Due to its remoteness from regular urban development, the territory of the Lychakiv cemetery could expand. In 1804 and 1808, several adjacent plots of land were purchased to increase the territory. The cemetery was not properly looked at at the beginning. However, during the subsequent expansion in 1856, university botanist Karl Bauer was invited to compile it, who, in collaboration with the head of the cemetery, Titus Thurzhevsky, organized the territory, designed alleys and paths and provided the cemetery with a parkland character.

Today the Lychakiv Cemetery is one of the most famous necropolises in Europe. On July 10, 1990, by resolution of the Lviv City Council, the territory of the Lychakiv cemetery became a historical and cultural reserve of local significance. In 1991, the military cemetery Hill of Glory was included in its structure.

Lychakiv Cemetery is the burial place of many prominent personalities.

In the north-eastern part of the cemetery, on field No. 45, the deputy chairman of the Ukrainian Central Rada, professor of the Lviv Polytechnic Nikolai Shrag is buried, on field No. 64 - the grave of the USS and UGA Hornets, historian, writer Elena Stepanovna; Church historians Fr. are buried nearby. Aurelian Andrukhovich, Fr. R.Lukan and Fr. T. Kostruba. In field No. 82, the only grave preserved from burials in the destroyed military cemetery of the Austro-Hungarian army. Vladimir Grebenyak, an archaeologist, anthropologist, and active member of the NOS, is buried there. In the northwestern part of the cemetery, on field No. 59, the biochemist Stepan Grzhitsky, the mathematician Miron Zaritsky, the artist Alexey Novakovsky, the ethnographer Vladimir Shukhevych are buried, on the field No. 60a - the writer Vasily Lukich (Levitsky) and the director of the academic gymnasium Ilya Kokorudza. The artist Stefania Gebus-Baranetskaya is buried nearby on field No. 61.

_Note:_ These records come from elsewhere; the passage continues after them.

(* The logarithmic partial negativity $\hat N_l(\rho)=\log_2[\hat N(\rho)+1]$ is not monogamous: for the state $|\widetilde\Omega\rangle^{ABC}=\lambda_0|0\rangle|00\rangle+\lambda_1|1\rangle|10\rangle+\lambda_2|2\rangle|11\rangle$ with $\lambda_0\ge\lambda_1\ge\lambda_2>0$, $\sum\lambda_i^2=1$, one has $\hat N_l(|\widetilde\Omega\rangle^{A|BC})=\hat N_l(\rho^{AB})=\log_2(1+\lambda_0\lambda_1)$ while $\hat N_l(\rho^{AC})=\log_2(1+\lambda_1\lambda_2)>0$.
   Context: $\hat N(\rho)$ is the operator norm of the negative part of the partial transpose $\rho^{T_A}$ (the absolute value of its most negative eigenvalue, or $0$ if $\rho^{T_A}\ge0$). For a tripartite state, $E(A|BC)$ is the measure across the cut $A$ versus $BC$; $\rho^{AB},\rho^{AC}$ are reduced states. A measure $E$ is monogamous if $E(A|BC)=E(AB)$ always implies $E(AC)=0$. *)

From HB Require Import structures.
From mathcomp Require Import all_boot all_order all_algebra.
From mathcomp Require Import complex.
From mathcomp Require Import reals exp.

Set Implicit Arguments.
Unset Strict Implicit.
Unset Printing Implicit Defensive.

Import Order.TTheory GRing.Theory Num.Theory.
Local Open Scope ring_scope.
Local Open Scope complex_scope.

Section Defs.
Variable R : realType.
Local Notation C := (R[i]).

(* an operator on the finite-dimensional Hilbert space C^T, as a kernel T x T -> C *)
Definition op (T : finType) := T -> T -> C.

Definition mx_of (T : finType) (rho : op T) : 'M[C]_#|T| :=
  \matrix_(i, j) rho (enum_val i) (enum_val j).

(* the eigenvalues (with multiplicity) of a square complex matrix:
   the roots of its characteristic polynomial *)
Definition spectrum n (M : 'M[C]_n) : seq C :=
  sval (closed_field_poly_normal (char_poly M)).

Definition ptA (TA TB : finType) (rho : op (TA * TB)%type) : op (TA * TB)%type :=
  fun x y => rho (y.1, x.2) (x.1, y.2).

(* \hat N(rho): absolute value of the most negative eigenvalue of rho^{T_A},
   or 0 if rho^{T_A} >= 0.  (Eigenvalues of the Hermitian matrix rho^{T_A}
   are real; Re is only used to land in R.) *)
Definition Nhat (TA TB : finType) (rho : op (TA * TB)%type) : R :=
  \big[Num.max/0]_(a <- spectrum (mx_of (ptA rho))) (- complex.Re a).

Definition log2 (x : R) : R := ln x / ln 2.

Definition Nhat_l (TA TB : finType) (rho : op (TA * TB)%type) : R :=
  log2 (Nhat rho + 1).

Definition is_density (T : finType) (rho : op T) : Prop :=
  [/\ forall x y, rho y x = conjc (rho x y),
      forall v : T -> C, 0 <= \sum_x \sum_y conjc (v x) * rho x y * v y
    & \sum_x rho x x = 1].

Definition pure (T : finType) (psi : T -> C) : op T :=
  fun x y => psi x * conjc (psi y).

Definition trC (TA TB TC : finType) (rho : op (TA * (TB * TC))%type) : op (TA * TB)%type :=
  fun x y => \sum_(c : TC) rho (x.1, (x.2, c)) (y.1, (y.2, c)).

Definition trB (TA TB TC : finType) (rho : op (TA * (TB * TC))%type) : op (TA * TC)%type :=
  fun x y => \sum_(b : TB) rho (x.1, (b, x.2)) (y.1, (b, y.2)).

(* monogamy of a bipartite measure E (the operator on A x (B x C) is
   literally the bipartite state across the cut A|BC) *)
Definition monogamous (E : forall TA TB : finType, op (TA * TB)%type -> R) : Prop :=
  forall (TA TB TC : finType) (rho : op (TA * (TB * TC))%type),
    is_density rho -> E _ _ rho = E _ _ (trC rho) -> E _ _ (trB rho) = 0.

Definition Omega (l0 l1 l2 : R) : ('I_3 * ('I_2 * 'I_2))%type -> C :=
  fun x =>
    let: (a, (b, c)) := x in
    if [&& val a == 0%N, val b == 0%N & val c == 0%N] then l0%:C
    else if [&& val a == 1%N, val b == 1%N & val c == 0%N] then l1%:C
    else if [&& val a == 2%N, val b == 1%N & val c == 1%N] then l2%:C
    else 0.

End Defs.

(* For each of the three partial transposes, [Nhat] is pinned down from both
   sides: an explicit antisymmetric vector such as |01> - |10> is an
   eigenvector with eigenvalue -m, and the Hermitian form of rho^{T_A} + m I
   is an explicit nonnegative combination of squared moduli, so no eigenvalue
   lies below -m. *)

From HB Require Import structures.
From mathcomp Require Import all_boot all_order all_algebra.
From mathcomp Require Import complex.
From mathcomp Require Import reals exp.
From mathcomp Require Import ring lra.

Import Order.TTheory GRing.Theory Num.Theory.
Local Open Scope ring_scope.

Section Negativity.
Set Implicit Arguments.
Unset Strict Implicit.
Local Open Scope complex_scope.
Variable R : realType.
Local Notation C := (R[i]).

Definition qform (T : finType) (A : op R T) (u : T -> C) : C :=
  \sum_x \sum_y conjc (u x) * A x y * u y.

Definition sqnorm (T : finType) (u : T -> C) : C := \sum_x conjc (u x) * u x.

Lemma mem_spectrum n (M : 'M[C]_n) z : (z \in spectrum M) = eigenvalue M z.
Proof.
rewrite eigenvalue_root_char /spectrum; case: closed_field_poly_normal => r /= E.
by rewrite [in RHS]E (monicP (char_poly_monic M)) scale1r root_prod_XsubC.
Qed.

Lemma sum_enum_val (T : finType) (F : T -> C) :
  \sum_(i < #|T|) F (enum_val i) = \sum_x F x.
Proof. by rewrite -big_enum_val; apply: eq_bigl => x; rewrite inE. Qed.

Lemma sqnormc_ge0 (z : C) : 0 <= conjc z * z.
Proof. by rewrite mulrC mulcJ_ge0. Qed.

Lemma sqnorm_gt0 (T : finType) (u : T -> C) x : u x != 0 -> 0 < sqnorm u.
Proof.
move=> ux0; rewrite lt_def sumr_ge0 ?andbT => [|y _]; last exact: sqnormc_ge0.
apply: contra ux0 => /eqP/psumr_eq0P/(_ x isT) ux.
by have /eqP := ux (fun y _ => sqnormc_ge0 _); rewrite mulf_eq0 conjc_eq0 orbb.
Qed.

Lemma eigenvalue_mx_of (T : finType) (A : op R T) (a : C) (w : T -> C) x0 :
  w x0 != 0 -> (forall y, \sum_x w x * A x y = a * w y) ->
  eigenvalue (mx_of A) a.
Proof.
move=> wx0 w_eig; apply/eigenvalueP; exists (\row_i w (enum_val i)).
  apply/rowP => j; rewrite !mxE.
  under eq_bigr => i _ do rewrite !mxE.
  by rewrite (@sum_enum_val _ (fun x => w x * A x (enum_val j))) w_eig.
by apply/rV0Pn; exists (enum_rank x0); rewrite mxE enum_rankK.
Qed.

(* [mx_of A] acts on row vectors: the ket is the conjugate of an eigenrow. *)
Lemma eigenvalue_qform (T : finType) (A : op R T) (a : C) :
  eigenvalue (mx_of A) a -> exists2 u : T -> C, 0 < sqnorm u & qform A u = a * sqnorm u.
Proof.
case/eigenvalueP => v v_eig /rV0Pn [j vj].
pose u x := conjc (v 0 (enum_rank x)).
exists u; first by apply: (@sqnorm_gt0 _ _ (enum_val j)); rewrite /u enum_valK conjc_eq0.
rewrite /qform exchange_big /sqnorm mulr_sumr; apply: eq_bigr => y _.
have -> : \sum_x conjc (u x) * A x y * u y = (v *m mx_of A) 0 (enum_rank y) * u y.
  rewrite -mulr_suml mxE -(@sum_enum_val _ (fun x => conjc (u x) * A x y)).
  by congr (_ * _); apply: eq_bigr => i _; rewrite /u conjcK enum_valK mxE enum_rankK.
by rewrite v_eig mxE /u conjcK mulrA.
Qed.

Lemma Nhat_le (TA TB : finType) (P : op R (TA * TB)%type) (m : R) :
  0 <= m -> (forall u, 0 <= qform (ptA P) u + m%:C * sqnorm u) -> Nhat P <= m.
Proof.
move=> m0 shift_ge0; rewrite /Nhat big_seq; apply: bigmax_le => // a.
rewrite mem_spectrum => /eigenvalue_qform [u u0 qform_u].
have := shift_ge0 u; rewrite qform_u -mulrDl (pmulr_lge0 _ u0) lecE => /andP [_].
by case: a {qform_u} => ar ai /= ?; lra.
Qed.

To the left of the main entrance is field No. 1, which is from the end. XIX century was considered a pantheon of honored Lviv residents. Here, in the tomb of the Svachinsky family, the initial burial of Ivan Franko was located - after 5 years, the coffin with his ashes was transferred to a separate grave, on which a monument to him was built in 1933. Buried in field No. 1 are Ukrainian writers Andrey Voloshchak, Vladimir Grzhitsky, Vasily Pachovsky, Grigory Tyutyunnik, Pyotr Karmansky, Pyotr Kozlanyuk, Pyotr Ingulsky, Mikhail Yatskov, Stepan-Yuriy Maslyak, artists Ivan Trush, Osip Kurilas, V. Savin, sculptor Ivan Severa , social and political figures Emelyan Ogonovsky, A. Markov, Roman Sushko, Olga Tsipanovska, Nikolai Golubets, academician Mikhail Voznyak, professor Stepan Shchurat, architects Ivan Bagensky, Adam Kurillo, Henryk Shvedsky-Vinetsky. On the adjacent field No. 59 are the graves of the historian Ivan Kripyakevich and the writer Irina Vilde.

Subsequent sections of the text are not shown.